Your goal.
The lines to reproduce from the material below are those from the one containing "e2 (f x) (f y)." through the one containing "match t with", both included; write them out exactly and add nothing.

"""

(* Among all spiro hexagonal chains with $n$ hexagons, $n\ge4$: (i) the unique spiro hexagonal chain with the minimum Wiener index is the spiro ortho-chain $O_n$; (ii) the unique spiro hexagonal chain with the second minimal Wiener index is the spiro hexagonal chain with cut-vertex sequence $(c_2,\dots,c_{n-1})=(o_1,\dots,o_{n-3},m_{n-2})$; (iii) the unique spiro hexagonal chain with the third minimal Wiener index is the spiro hexagonal chain with cut-vertex sequence $(c_2,\dots,c_{n-1})=(o_1,\dots,o_{n-4},m_{n-3},o_{n-2})$.
   Context: The Wiener index is $W(G)=\sum_{\{u,v\}\subseteq V(G)}d_G(u,v)$, $d_G$ the shortest-path distance. A spiro hexagonal chain of length $n$, $G_n=H_0H_1\cdots H_{n-1}$, is a connected graph in which every block is a hexagon (6-cycle) $H_0,\dots,H_{n-1}$, each hexagon has at most two cut-vertices, each cut-vertex is shared by exactly two hexagons, and for $k=1,\dots,n-1$ the hexagons $H_{k-1}$ and $H_k$ share the cut-vertex $c_k$. For $k\ge1$, a vertex of $H_k$ at distance $1$, $2$, $3$ from $c_k$ is called an ortho-, meta-, para-vertex of $H_k$, denoted $o_k,m_k,p_k$. For $2\le k\le n-1$, $c_k$ is one of $o_{k-1},m_{k-1},p_{k-1}$, and the sequence $(c_2,\dots,c_{n-1})$ (recording these types) is the cut-vertex sequence, which determines the chain up to isomorphism; chains are considered up to isomorphism. The spiro ortho-chain $O_n$ is the chain with $c_k=o_{k-1}$ for all $2\le k\le n-1$. *)

From mathcomp Require Import all_boot all_fingroup.
Set Implicit Arguments. Unset Strict Implicit. Unset Printing Implicit Defensive.

Definition ball (T : finType) (e : rel T) (k : nat) (u : T) : {set T} :=
  iter k (fun A => A :|: [set y | [exists x in A, e x y]]) [set u].

(** Shortest-path distance: least [k] such that [v] is reachable from [u]
    within [k] steps (for connected graphs, as here, it is always < #|T|). *)
Definition gdist (T : finType) (e : rel T) (u v : T) : nat :=
  find (fun k => v \in ball e k u) (iota 0 #|T|).

Definition wiener (N : nat) (e : rel 'I_N) : nat :=
  \sum_(u : 'I_N) \sum_(v : 'I_N | (u < v)%N) gdist e u v.

Definition graph_iso (N : nat) (e1 e2 : rel 'I_N) : Prop :=
  exists f : {perm 'I_N}, forall x y, e1 x y = e2 (f x) (f y).

(** Type of a cut vertex c_k in H_{k-1}: ortho / meta / para,
    i.e. distance 1 / 2 / 3 from c_{k-1} in H_{k-1}. *)
Inductive ctype := Ortho | Meta | Para.

Definition ctype_dist (t : ctype) : nat :=
  match t with Ortho => 1 | Meta => 2 | Para => 3 end.

(** Concrete labelling of the chain G_n = H_0 ... H_{n-1} determined by the
    cut-vertex sequence [s] = (c_2,...,c_{n-1}) (an element of [s] at index
    i is the type of c_{i+2}).
    Hexagon H_0 has vertices 0..5 (in cyclic order), and c_1 = 0.
    For k >= 1, hexagon H_k has cyclic vertex list
      [c_k; 5k+1; 5k+2; 5k+3; 5k+4; 5k+5],
    and for k >= 2, c_k is the vertex of H_{k-1} at cyclic position
    d = ctype_dist (type of c_k), i.e. at distance d from c_{k-1}. *)
Definition spiro_cut (s : seq ctype) (k : nat) : nat :=
  if (k <= 1)%N then 0 else 5 * k.-1 + ctype_dist (nth Ortho s (k - 2)).

Definition spiro_hv (s : seq ctype) (k j : nat) : nat :=
  if k == 0 then j else if j == 0 then spiro_cut s k else 5 * k + j.

Definition spiro_adj_nat (n : nat) (s : seq ctype) (u v : nat) : bool :=
  has (fun k => has (fun j =>
         let a := spiro_hv s k j in let b := spiro_hv s k ((j.+1) %% 6) in
         ((u == a) && (v == b)) || ((u == b) && (v == a)))
       (iota 0 6)) (iota 0 n).

Definition spiro_chain (n : nat) (s : seq ctype) : rel 'I_(5 * n + 1) :=
  fun x y => spiro_adj_nat n s x y.

Arguments spiro_chain : clear implicits.

Definition spiro_W (n : nat) (s : seq ctype) : nat := wiener (spiro_chain n s).

Definition spiro_iso (n : nat) (s t : seq ctype) : Prop :=
  graph_iso (spiro_chain n s) (spiro_chain n t).

Definition seq_ortho (n : nat) : seq ctype := nseq (n - 2) Ortho.
Definition seq_second (n : nat) : seq ctype := rcons (nseq (n - 3) Ortho) Meta.
Definition seq_third (n : nat) : seq ctype :=
  rcons (rcons (nseq (n - 4) Ortho) Meta) Ortho.

(* Write a vertex as a position in one of the hexagons H_k.  The distance between
   two vertices is explicit: walk inside the first hexagon to its cut vertex
   towards the second, add the cut-to-cut gaps d_k in {1,2,3} (ortho, meta, para)
   of the hexagons in between, and walk inside the last one.  Summing over pairs,
   W(G) = W(O_n) + 25 * sum_j (j+1)(m-j)(d_j - 1) with m = n - 2, where j indexes
   c_{j+2}.  The weight (j+1)(m-j) is at least m, equal to m only at the two ends
   and to 2(m-1) only next to them, while a chain other than O_n pays at least
   2m unless its only non-ortho cut vertex is a single meta one.  Since reversing
   the chain is an isomorphism, the three smallest values are attained exactly
   by the three listed chains. *)

From mathcomp Require Import all_boot all_fingroup.
From mathcomp Require Import zify.
Set Implicit Arguments. Unset Strict Implicit. Unset Printing Implicit Defensive.
(* [contraction_seq d H s]: starting from H (assumed to be a d-trigraph),
   performing the contractions listed in s (triples (u, v, z): contract the
   distinct vertices u, v into a new vertex z) yields only d-trigraphs and
   ends with a single-vertex trigraph. *)
Fixpoint contraction_seq (d : nat) H (s : seq (T * T * T)) : Prop :=
  match s with
  | [::] => #|tverts H| = 1
  | (u, v, z) :: s' =>
      [/\ u \in tverts H, v \in tverts H, u != v,
          z \notin tverts H :\ u :\ v
        & is_d_trigraph d (contract H u v z) /\
          contraction_seq d (contract H u v z) s']
  end.
End Trigraphs.

Definition graph_trigraph (G : graph) : trigraph (gV G) :=
  Trigraph [set: gV G] (gadj (g:=G)) (fun _ _ => false).

Definition has_dseq (G : graph) (d : nat) : Prop :=
  is_d_trigraph d (graph_trigraph G) /\
  exists s, contraction_seq d (graph_trigraph G) s.

Definition has_dseqb (G : graph) (d : nat) : bool :=
  if excluded_middle_informative (has_dseq G d) then true else false.

Lemma has_dseqb_ex (G : graph) :
  (exists d, has_dseq G d) -> exists d, has_dseqb G d.
Proof.
case=> d Hd; exists d; rewrite /has_dseqb.
by case: excluded_middle_informative.
Qed.

(* Twin-width: the minimum d such that G admits a d-sequence
   (every non-empty graph admits one; default 0 otherwise). *)
Definition tww (G : graph) : nat :=
  match excluded_middle_informative (exists d, has_dseq G d) with
  | left H => ex_minn (has_dseqb_ex H)
  | right _ => 0
  end.

From Stdlib Require Import ClassicalEpsilon.
From mathcomp Require Import all_boot.
Set Implicit Arguments. Unset Strict Implicit. Unset Printing Implicit Defensive.

(* Every trigraph met along a contraction sequence of a graph G is the
   quotient of G by a partition of V(G): its vertices are the parts, a black
   edge joins two parts that are fully adjacent, a red edge joins two parts
   that are "mixed" (some but not all pairs adjacent).  Contracting two
   vertices merges the corresponding parts.
   The lower bound follows since G1 and G2 are induced subgraphs of
   G1(u <- G2); the upper bound contracts first the copy of G2 (the other
   vertices being inert), and then the resulting copy of G1. *)

Section Adjacency.
Variable G : graph.
Implicit Types A B C : {set gV G}.

Definition fully_adj A B :=
  [forall a, forall b, (a \in A) ==> (b \in B) ==> gadj a b].

Definition some_adj A B :=
  [exists a, exists b, [&& a \in A, b \in B & gadj a b]].

Definition mixed A B := some_adj A B && ~~ fully_adj A B.

Lemma fully_adjP A B :
  reflect (forall a b, a \in A -> b \in B -> gadj a b) (fully_adj A B).
Proof.
apply: (iffP forallP) => [h a b ha hb|h a].
  by have /forallP/(_ b) := h a; rewrite ha hb.
by apply/forallP => b; apply/implyP => ha; apply/implyP => hb; apply: h.
Qed.

Lemma some_adjP A B :
  reflect (exists a b, [/\ a \in A, b \in B & gadj a b]) (some_adj A B).
Proof.
apply: (iffP existsP) => [[a /existsP [b /and3P [h1 h2 h3]]]|[a [b [h1 h2 h3]]]].
  by exists a, b.
by exists a; apply/existsP; exists b; rewrite h1 h2 h3.
Qed.

Lemma fully_adjC A B : fully_adj A B = fully_adj B A.
Proof. by apply/fully_adjP/fully_adjP => h a b ha hb; rewrite gsym; apply: h. Qed.

Lemma some_adjC A B : some_adj A B = some_adj B A.
Proof.
by apply/some_adjP/some_adjP => -[a [b [h1 h2 h3]]]; exists b, a; rewrite gsym.
Qed.

Lemma mixedC A B : mixed A B = mixed B A.
Proof. by rewrite /mixed fully_adjC some_adjC. Qed.

Lemma fully_adjUl A B C : fully_adj (A :|: B) C = fully_adj A C && fully_adj B C.
Proof.
apply/fully_adjP/andP => [h|[/fully_adjP h1 /fully_adjP h2] a b].
  by split; apply/fully_adjP => a b ha hb; apply: h => //; rewrite inE ha ?orbT.
by rewrite inE => /orP [] ha hb; [apply: h1|apply: h2].
Qed.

"""

Solution for this task.
  exists f : {perm 'I_N}, forall x y, e1 x y = e2 (f x) (f y).

(** Type of a cut vertex c_k in H_{k-1}: ortho / meta / para,
    i.e. distance 1 / 2 / 3 from c_{k-1} in H_{k-1}. *)
Inductive ctype := Ortho | Meta | Para.

Definition ctype_dist (t : ctype) : nat :=
  match t with Ortho => 1 | Meta => 2 | Para => 3 end.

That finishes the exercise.